Wealth and power can put heroin addiction to shame.

Wealth and power can correct social and planetary imbalances, or tip the balance to unsustainable levels.

This is where the masses come in. This is where dignity, wisdom, far-reaching vision and compassion comes in. This is where touching the earth and finding one’s connection to it comes in.

For instance, Henry Huntington, the Arctic Science Director at Ocean Conservancy, in Eagle River, Alaska, has applied Traditional Ecological Knowledge (TEK) to his study of beluga whales in the Arctic. He explained to journalist Jim Robbins for a Yale Environment 360 report, “Native Knowledge: What Ecologists are Learning from Indigenous People,” that when he interviewed Inuit elders to learn more about beluga whales and how they might respond to climate change, he was surprised at how the elders explained an increase in beaver population, “which had reduced spawning habitat for salmon, other fish which meant less prey for the belugas and so fewer whales,” Robbins wrote.

“It was a more holistic view of the ecosystem. It would be pretty rare for someone studying belugas to be thinking about freshwater ecology,” Huntington said in the report.

It is all interconnected. It’s the touching, observing, respecting and living with nature that can bring anyone into a more compassionate view of the world.
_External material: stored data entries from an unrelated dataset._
(* Let $P$ be a finite $(3+1)$-free poset and let $a,b,c\in P$. Then: (i) if $a\approx b$ and $b\approx c$, then $a\approx c$; (ii) if $a\mathrel{\top} b$ and $b\approx c$, then $a\mathrel{\top} c$; (iii) if $a\mathrel{\bot} b$ and $b\approx c$, then $a\mathrel{\bot} c$; (iv) if $a\mathrel{\top} b$, then $U_a=U_b$; (v) if $a\mathrel{\bot} b$, then $D_a=D_b$; (vi) $v(a)$ and $v(b)$ are incomparable in the view order if and only if $a\mathrel{\top} b$ or $a\mathrel{\bot} b$; (vii) it is not the case that both $a\mathrel{\top} b$ and $b\mathrel{\bot} c$.
   Context: A poset $P$ is $(3+1)$-free if there are no $a,b,c,d\in P$ with $a<b<c$ and $d$ incomparable to each of $a,b,c$. For $a\in P$ let $D_a=\{x\in P: x<a\}$ and $U_a=\{x\in P: x>a\}$. Write $a\mathrel{\top} b$ if neither of the sets $D_a,D_b$ contains the other, and $a\mathrel{\bot} b$ if neither of the sets $U_a,U_b$ contains the other. Write $a\approx b$ (clones) if $D_a=D_b$ and $U_a=U_b$. The view of $a$ is $v(a)=(D_a,P\setminus U_a)$; views are ordered by $v(a)\le v(b)$ iff $D_a\subseteq D_b$ and $U_a\supseteq U_b$, and $v(a),v(b)$ are incomparable if neither $v(a)\le v(b)$ nor $v(b)\le v(a)$. *)

From mathcomp Require Import all_boot all_order.
Set Implicit Arguments. Unset Strict Implicit. Unset Printing Implicit Defensive.
Import Order.TTheory.
Local Open Scope order_scope.

Section PosetDefs.
Context {disp : Order.disp_t} {P : finPOrderType disp}.

Definition three_one_free : Prop :=
  ~ exists a b c d : P, [/\ a < b, b < c, d >< a, d >< b & d >< c].

Definition Dn (a : P) : {set P} := [set x | x < a].
Definition Up (a : P) : {set P} := [set x | a < x].

Definition top_rel (a b : P) : Prop :=
  ~~ (Dn a \subset Dn b) /\ ~~ (Dn b \subset Dn a).
Definition bot_rel (a b : P) : Prop :=
  ~~ (Up a \subset Up b) /\ ~~ (Up b \subset Up a).
Definition clone (a b : P) : Prop := Dn a = Dn b /\ Up a = Up b.

Definition view (a : P) : {set P} * {set P} := (Dn a, ~: Up a).
Definition view_le (a b : P) : Prop :=
  Dn a \subset Dn b /\ Up b \subset Up a.
Definition view_incomp (a b : P) : Prop := ~ view_le a b /\ ~ view_le b a.

End PosetDefs.

From mathcomp Require Import all_boot all_order.
Set Implicit Arguments. Unset Strict Implicit. Unset Printing Implicit Defensive.
Import Order.TTheory.
Local Open Scope order_scope.

(* Everything rests on one consequence of (3+1)-freeness: for any a, b,
   D_b ⊆ D_a or U_b ⊆ U_a.  Otherwise some x < b is not below a and some
   y > b is not above a; then a is incomparable to each element of the
   chain x < b < y.  Applied to (a, b) and (b, a), this turns the failure of
   one inclusion between the down-sets into the opposite inclusions between
   the up-sets, and vice versa, which gives (iv)-(vii). *)

Section ThreeOneFree.
Context {disp : Order.disp_t} {P : finPOrderType disp}.
Hypothesis P31 : @three_one_free disp P.

Lemma Dn_or_Up_subset (a b : P) : (Dn b \subset Dn a) || (Up b \subset Up a).
Proof.
apply: contraT => /norP[/subsetPn[x xb xa] /subsetPn[y yb ya]].
rewrite !inE in xb xa yb ya.
have ab : a >< b.
  apply/negP => /comparable_ltgtP[ab|ba|eab].
  - by rewrite (lt_trans ab yb) in ya.
  - by rewrite (lt_trans xb ba) in xa.
  - by rewrite eab xb in xa.
have ax : a >< x.
  apply/negP => /comparable_ltgtP[ax|xa'|eax].
  - by rewrite (lt_comparable (lt_trans ax xb)) in ab.
  - by rewrite xa' in xa.
  - by rewrite eax (lt_comparable xb) in ab.
have ay : a >< y.
  apply/negP => /comparable_ltgtP[ay|ya'|eay].
  - by rewrite ay in ya.
  - by rewrite comparable_sym (lt_comparable (lt_trans yb ya')) in ab.
  - by rewrite eay comparable_sym (lt_comparable yb) in ab.
by case: P31; exists x, b, y, a.
Qed.

Lemma top_rel_Up (a b : P) : top_rel a b -> Up a = Up b.
Proof.
move=> [/negbTE nab /negbTE nba]; apply/eqP; rewrite eqEsubset.
by move: (Dn_or_Up_subset a b) (Dn_or_Up_subset b a); rewrite nab nba /= => -> ->.
Qed.

Lemma bot_rel_Dn (a b : P) : bot_rel a b -> Dn a = Dn b.
Proof.
move=> [/negbTE nab /negbTE nba]; apply/eqP; rewrite eqEsubset.
by move: (Dn_or_Up_subset a b) (Dn_or_Up_subset b a); rewrite nab nba !orbF => -> ->.
Qed.

Lemma view_incompP (a b : P) : view_incomp a b <-> top_rel a b \/ bot_rel a b.
Proof.
rewrite /view_incomp /view_le /top_rel /bot_rel.
have := Dn_or_Up_subset a b; have := Dn_or_Up_subset b a.
case: (Dn a \subset Dn b); case: (Dn b \subset Dn a);
case: (Up a \subset Up b); case: (Up b \subset Up a); by intuition.
Qed.

Lemma not_top_rel_bot_rel (a b c : P) : ~ (top_rel a b /\ bot_rel b c).
Proof.
move=> [tab bbc]; have [_ /negP nDba] := tab; have [_ /negP nUcb] := bbc.
rewrite (bot_rel_Dn bbc) in nDba; rewrite -(top_rel_Up tab) in nUcb.
by case/orP: (Dn_or_Up_subset a c).
Qed.

End ThreeOneFree.

Theorem lemma2p6 (disp : Order.disp_t) (P : finPOrderType disp)
  (H31 : @three_one_free disp P) (a b c : P) :
  (clone a b -> clone b c -> clone a c) /\
  (top_rel a b -> clone b c -> top_rel a c) /\
  (bot_rel a b -> clone b c -> bot_rel a c) /\
  (top_rel a b -> Up a = Up b) /\
  (bot_rel a b -> Dn a = Dn b) /\
  (view_incomp a b <-> top_rel a b \/ bot_rel a b) /\
  ~ (top_rel a b /\ bot_rel b c).
Proof.
split; first by rewrite /clone => -[-> ->] [-> ->].
split; first by move=> tab [Dbc _]; rewrite /top_rel -Dbc.
split; first by move=> bab [_ Ubc]; rewrite /bot_rel -Ubc.
split; first exact: top_rel_Up.
split; first exact: bot_rel_Dn.
split; first exact: view_incompP.
exact: not_top_rel_bot_rel.
Qed.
The late Edward Abbey warned in his 1968 book, Desert Solitaire, “If industrial man continues to multiply his numbers and expand his operations, he will succeed in his apparent intention, to seal himself off from the natural and isolate himself within a synthetic prison of his own making.”

Here we are 50 years later, and not only are synthetic materials robbing our oceans of life, but impacting ours, as well. Idolization of synthetic reality television stars, synthetic foods and clothing, and Teflon tales of those different from you and I, make us retreat into the safety of our own prison walls.

I’m not a harbinger of doom and gloom. I honor challenge and opportunity. And if ever there was a time to connect with nature, it is now. The challenge is to find our peace of mind so that we can stand for what we know to be good on this planet. It is an opportunity to grow within the heart and wisdom — adding to the infinite force of compassion.

Albert Einstein, said, “A human being is a part of the whole called by us ‘universe’…” I love the potential of this quote. It inspires one to work toward what to do as we reach the Y in the road. Does one side of our populace bear to the right and the other left, or do we plow right through the separation and head straight up the middle? Nature has the answers. This is why I believe it imperative that we reconnect with nature and reconnect with our commonalities.